» PROBLEM DETAILS
In your answer, give each entry again exactly as it appears.

» MATERIAL SHOWN
▬▬▬▬▬▬▬▬▬▬

(* Let $\mu$ be an Ising model on $\{-1,1\}^p$ with $\ell_1$-width at most $\gamma>0$ and $u\in[p]$. For every $\underline\theta_u\in\mathbb R^p$ with $\|\underline\theta_u\|_1\le\gamma$, \[ \mathcal L_u(\underline\theta_u)-\mathcal L_u(\underline\theta^*_u)-\langle\nabla\mathcal L_u(\underline\theta^*_u),\underline\theta_u-\underline\theta^*_u\rangle\ \ge\ \frac{e^{-3\gamma}}{2+2\gamma}\max_{v\ne u}|\theta_{u,v}-\theta^*_{u,v}|^2 . \]
   Context: Ising model: $\mu(\underline\sigma)\propto\exp\big(\sum_{\{u,v\}}\theta^*_{u,v}\sigma_u\sigma_v+\sum_u\theta^*_u\sigma_u\big)$ on $\{-1,1\}^p$, first sum over unordered pairs of distinct indices, symmetric couplings $\theta^*_{u,v}=\theta^*_{v,u}$; $\ell_1$-width at most $\gamma$ means $\sum_{v\ne u}|\theta^*_{u,v}|+|\theta^*_u|\le\gamma$ for all $u$. Local parameter vector $\underline\theta_u=(\theta_u,(\theta_{u,v})_{v\ne u})\in\mathbb R^p$ with true value $\underline\theta^*_u=(\theta^*_u,(\theta^*_{u,v})_{v\ne u})$; local energy $E_u(\underline\sigma;\underline\theta_u)=\sigma_u(\theta_u+\sum_{v\ne u}\theta_{u,v}\sigma_v)$; interaction screening loss $\mathcal L_u(\underline\theta_u)=\mathbb E_\mu[e^{-E_u(\underline\sigma;\underline\theta_u)}]$. *)

From HB Require Import structures.
From mathcomp Require Import all_boot all_order all_algebra.
From mathcomp Require Import all_classical all_reals all_analysis.
Set Implicit Arguments. Unset Strict Implicit. Unset Printing Implicit Defensive.
Import Order.TTheory GRing.Theory Num.Theory.
Import numFieldNormedType.Exports.
Local Open Scope ring_scope.

Section Ising.
Variables (R : realType) (p : nat).

(* Configurations sigma in {-1,1}^p, encoded by booleans (true = +1). *)
Definition config := {ffun 'I_p -> bool}.
Definition spin (x : config) (i : 'I_p) : R := if x i then 1 else -1.

Definition ising_energy (theta : 'I_p -> 'I_p -> R) (h : 'I_p -> R)
  (x : config) : R :=
  \sum_(i : 'I_p) \sum_(j : 'I_p | (i < j)%N) theta i j * spin x i * spin x j
  + \sum_(i : 'I_p) h i * spin x i.

Definition ising_Z (theta : 'I_p -> 'I_p -> R) (h : 'I_p -> R) : R := \sum_(x : config) expR (ising_energy theta h x).

Definition ising_mu (theta : 'I_p -> 'I_p -> R) (h : 'I_p -> R) (x : config) : R :=
  expR (ising_energy theta h x) / ising_Z theta h.

Definition l1_width_le (theta : 'I_p -> 'I_p -> R) (h : 'I_p -> R) (gamma : R) : Prop :=
  forall u : 'I_p, \sum_(v : 'I_p | v != u) `|theta u v| + `|h u| <= gamma.

(* Local parameter vector theta_u in R^p: coordinate u holds the field
   component theta_u, coordinate v <> u holds the coupling theta_{u,v}. *)
Definition theta_star (theta : 'I_p -> 'I_p -> R) (h : 'I_p -> R) (u : 'I_p) : 'rV[R]_p :=
  \row_(w < p) (if w == u then h u else theta u w).

Definition local_energy (u : 'I_p) (x : config) (t : 'rV[R]_p) : R :=
  spin x u * (t ord0 u + \sum_(v : 'I_p | v != u) t ord0 v * spin x v).

Definition ISO_loss (theta : 'I_p -> 'I_p -> R) (h : 'I_p -> R) (u : 'I_p) (t : 'rV[R]_p) : R :=
  \sum_(x : config) ising_mu theta h x * expR (- local_energy u x t).

Definition grad_inner (f : 'rV[R]_p -> R) (a d : 'rV[R]_p) : R :=
  \sum_(w : 'I_p) d ord0 w * 'D_(delta_mx ord0 w) f a.

Definition l1norm (t : 'rV[R]_p) : R := \sum_(w : 'I_p) `|t ord0 w|.

End Ising.

From HB Require Import structures.
From mathcomp Require Import all_boot all_order all_algebra.
From mathcomp Require Import all_classical all_reals all_analysis.
From mathcomp Require Import ring lra.
Import Order.TTheory GRing.Theory Num.Theory.
Import numFieldNormedType.Exports.
Local Open Scope ring_scope.
Set Implicit Arguments. Unset Strict Implicit. Unset Printing Implicit Defensive.

(* The local energy E_x(t) is linear in t, so the Bregman divergence of L_u at
   theta*_u is the mu-average of e^(-E_x(theta*_u)) (e^(-z) - 1 + z) with
   z = E_x(t - theta*_u).  As |E_x(theta*_u)| <= gamma, |z| <= 2 gamma and
   e^(-z) - 1 + z >= z^2 / (2 + |z|), it is at least
   e^(-gamma) / (2 + 2 gamma) E_mu[z^2].  Finally E_mu[z^2] >=
   e^(-2 gamma) (t_v - theta*_v)^2 for every v <> u: flipping sigma_v changes
   the Gibbs weight by a factor at most e^(2 gamma), so sigma_v keeps a
   nondegenerate conditional law and z cannot concentrate. *)
Section ExpBounds.
Variable R : realType.

Lemma ler_ge0_derive (f df : R -> R) (z : R) :
  (forall s, is_derive s (1 : R) f (df s)) -> (forall s, 0 <= s -> 0 <= df s) ->
  0 <= z -> f 0 <= f z.
Proof.
move=> f_df df_ge0 z_ge0.
have [c c0z E] : exists2 c, c \in `[0, z]%R & f z - f 0 = df c * (z - 0).
  apply: MVT_segment => //.
  apply/continuous_subspaceT => r.
  by apply/differentiable_continuous/derivable1_diffP; have [] := f_df r.
by rewrite -subr_ge0 E mulr_ge0 ?subr0 // df_ge0 //; move: c0z; rewrite in_itv /= => /andP[].
Qed.

Lemma expRN_mul2D_ge (z : R) : 0 <= z -> 2 - z <= expR (- z) * (2 + z).
Proof.
move=> z_ge0; pose f (s : R) := expR (- s) * (2 + s) + s.
suff : f 0 <= f z by rewrite /f oppr0 expR0 mul1r addr0; lra.
apply: (@ler_ge0_derive _ (fun s => 1 - expR (- s) * (1 + s))) => // [s|s s_ge0].
  apply: is_derive_eq; rewrite /= !add0r -![_ *: _]/(_ * _); lra.
rewrite subr_ge0 (le_trans (ler_wpM2l (expR_ge0 _) (expR_ge1Dx s))) //.
by rewrite expRN mulVf // gt_eqF // expR_gt0.
Qed.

▬▬▬▬▬▬▬▬▬▬

» WRITTEN SOLUTION
(* Let $\mu$ be an Ising model on $\{-1,1\}^p$ with $\ell_1$-width at most $\gamma>0$ and $u\in[p]$. For every $\underline\theta_u\in\mathbb R^p$ with $\|\underline\theta_u\|_1\le\gamma$, \[ \mathcal L_u(\underline\theta_u)-\mathcal L_u(\underline\theta^*_u)-\langle\nabla\mathcal L_u(\underline\theta^*_u),\underline\theta_u-\underline\theta^*_u\rangle\ \ge\ \frac{e^{-3\gamma}}{2+2\gamma}\max_{v\ne u}|\theta_{u,v}-\theta^*_{u,v}|^2 . \]
   Context: Ising model: $\mu(\underline\sigma)\propto\exp\big(\sum_{\{u,v\}}\theta^*_{u,v}\sigma_u\sigma_v+\sum_u\theta^*_u\sigma_u\big)$ on $\{-1,1\}^p$, first sum over unordered pairs of distinct indices, symmetric couplings $\theta^*_{u,v}=\theta^*_{v,u}$; $\ell_1$-width at most $\gamma$ means $\sum_{v\ne u}|\theta^*_{u,v}|+|\theta^*_u|\le\gamma$ for all $u$. Local parameter vector $\underline\theta_u=(\theta_u,(\theta_{u,v})_{v\ne u})\in\mathbb R^p$ with true value $\underline\theta^*_u=(\theta^*_u,(\theta^*_{u,v})_{v\ne u})$; local energy $E_u(\underline\sigma;\underline\theta_u)=\sigma_u(\theta_u+\sum_{v\ne u}\theta_{u,v}\sigma_v)$; interaction screening loss $\mathcal L_u(\underline\theta_u)=\mathbb E_\mu[e^{-E_u(\underline\sigma;\underline\theta_u)}]$. *)

From HB Require Import structures.
From mathcomp Require Import all_boot all_order all_algebra.
From mathcomp Require Import all_classical all_reals all_analysis.
Set Implicit Arguments. Unset Strict Implicit. Unset Printing Implicit Defensive.
Import Order.TTheory GRing.Theory Num.Theory.
Import numFieldNormedType.Exports.
Local Open Scope ring_scope.

Section Ising.
Variables (R : realType) (p : nat).

(* Configurations sigma in {-1,1}^p, encoded by booleans (true = +1). *)
Definition config := {ffun 'I_p -> bool}.
Definition spin (x : config) (i : 'I_p) : R := if x i then 1 else -1.

Definition ising_energy (theta : 'I_p -> 'I_p -> R) (h : 'I_p -> R)
  (x : config) : R :=
  \sum_(i : 'I_p) \sum_(j : 'I_p | (i < j)%N) theta i j * spin x i * spin x j
  + \sum_(i : 'I_p) h i * spin x i.

Definition ising_Z (theta : 'I_p -> 'I_p -> R) (h : 'I_p -> R) : R := \sum_(x : config) expR (ising_energy theta h x).

Definition ising_mu (theta : 'I_p -> 'I_p -> R) (h : 'I_p -> R) (x : config) : R :=
  expR (ising_energy theta h x) / ising_Z theta h.

Definition l1_width_le (theta : 'I_p -> 'I_p -> R) (h : 'I_p -> R) (gamma : R) : Prop :=
  forall u : 'I_p, \sum_(v : 'I_p | v != u) `|theta u v| + `|h u| <= gamma.

(* Local parameter vector theta_u in R^p: coordinate u holds the field
   component theta_u, coordinate v <> u holds the coupling theta_{u,v}. *)
Definition theta_star (theta : 'I_p -> 'I_p -> R) (h : 'I_p -> R) (u : 'I_p) : 'rV[R]_p :=
  \row_(w < p) (if w == u then h u else theta u w).

Definition local_energy (u : 'I_p) (x : config) (t : 'rV[R]_p) : R :=
  spin x u * (t ord0 u + \sum_(v : 'I_p | v != u) t ord0 v * spin x v).

Definition ISO_loss (theta : 'I_p -> 'I_p -> R) (h : 'I_p -> R) (u : 'I_p) (t : 'rV[R]_p) : R :=
  \sum_(x : config) ising_mu theta h x * expR (- local_energy u x t).

Definition grad_inner (f : 'rV[R]_p -> R) (a d : 'rV[R]_p) : R :=
  \sum_(w : 'I_p) d ord0 w * 'D_(delta_mx ord0 w) f a.

Definition l1norm (t : 'rV[R]_p) : R := \sum_(w : 'I_p) `|t ord0 w|.

End Ising.

From HB Require Import structures.
From mathcomp Require Import all_boot all_order all_algebra.
From mathcomp Require Import all_classical all_reals all_analysis.
From mathcomp Require Import ring lra.
Import Order.TTheory GRing.Theory Num.Theory.
Import numFieldNormedType.Exports.
Local Open Scope ring_scope.
Set Implicit Arguments. Unset Strict Implicit. Unset Printing Implicit Defensive.

(* The local energy E_x(t) is linear in t, so the Bregman divergence of L_u at
   theta*_u is the mu-average of e^(-E_x(theta*_u)) (e^(-z) - 1 + z) with
   z = E_x(t - theta*_u).  As |E_x(theta*_u)| <= gamma, |z| <= 2 gamma and
   e^(-z) - 1 + z >= z^2 / (2 + |z|), it is at least
   e^(-gamma) / (2 + 2 gamma) E_mu[z^2].  Finally E_mu[z^2] >=
   e^(-2 gamma) (t_v - theta*_v)^2 for every v <> u: flipping sigma_v changes
   the Gibbs weight by a factor at most e^(2 gamma), so sigma_v keeps a
   nondegenerate conditional law and z cannot concentrate. *)
Section ExpBounds.
Variable R : realType.

Lemma ler_ge0_derive (f df : R -> R) (z : R) :
  (forall s, is_derive s (1 : R) f (df s)) -> (forall s, 0 <= s -> 0 <= df s) ->
  0 <= z -> f 0 <= f z.
Proof.
move=> f_df df_ge0 z_ge0.
have [c c0z E] : exists2 c, c \in `[0, z]%R & f z - f 0 = df c * (z - 0).
  apply: MVT_segment => //.
  apply/continuous_subspaceT => r.
  by apply/differentiable_continuous/derivable1_diffP; have [] := f_df r.
by rewrite -subr_ge0 E mulr_ge0 ?subr0 // df_ge0 //; move: c0z; rewrite in_itv /= => /andP[].
Qed.

Lemma expRN_mul2D_ge (z : R) : 0 <= z -> 2 - z <= expR (- z) * (2 + z).
Proof.
move=> z_ge0; pose f (s : R) := expR (- s) * (2 + s) + s.
suff : f 0 <= f z by rewrite /f oppr0 expR0 mul1r addr0; lra.
apply: (@ler_ge0_derive _ (fun s => 1 - expR (- s) * (1 + s))) => // [s|s s_ge0].
  apply: is_derive_eq; rewrite /= !add0r -![_ *: _]/(_ * _); lra.
rewrite subr_ge0 (le_trans (ler_wpM2l (expR_ge0 _) (expR_ge1Dx s))) //.
by rewrite expRN mulVf // gt_eqF // expR_gt0.
Qed.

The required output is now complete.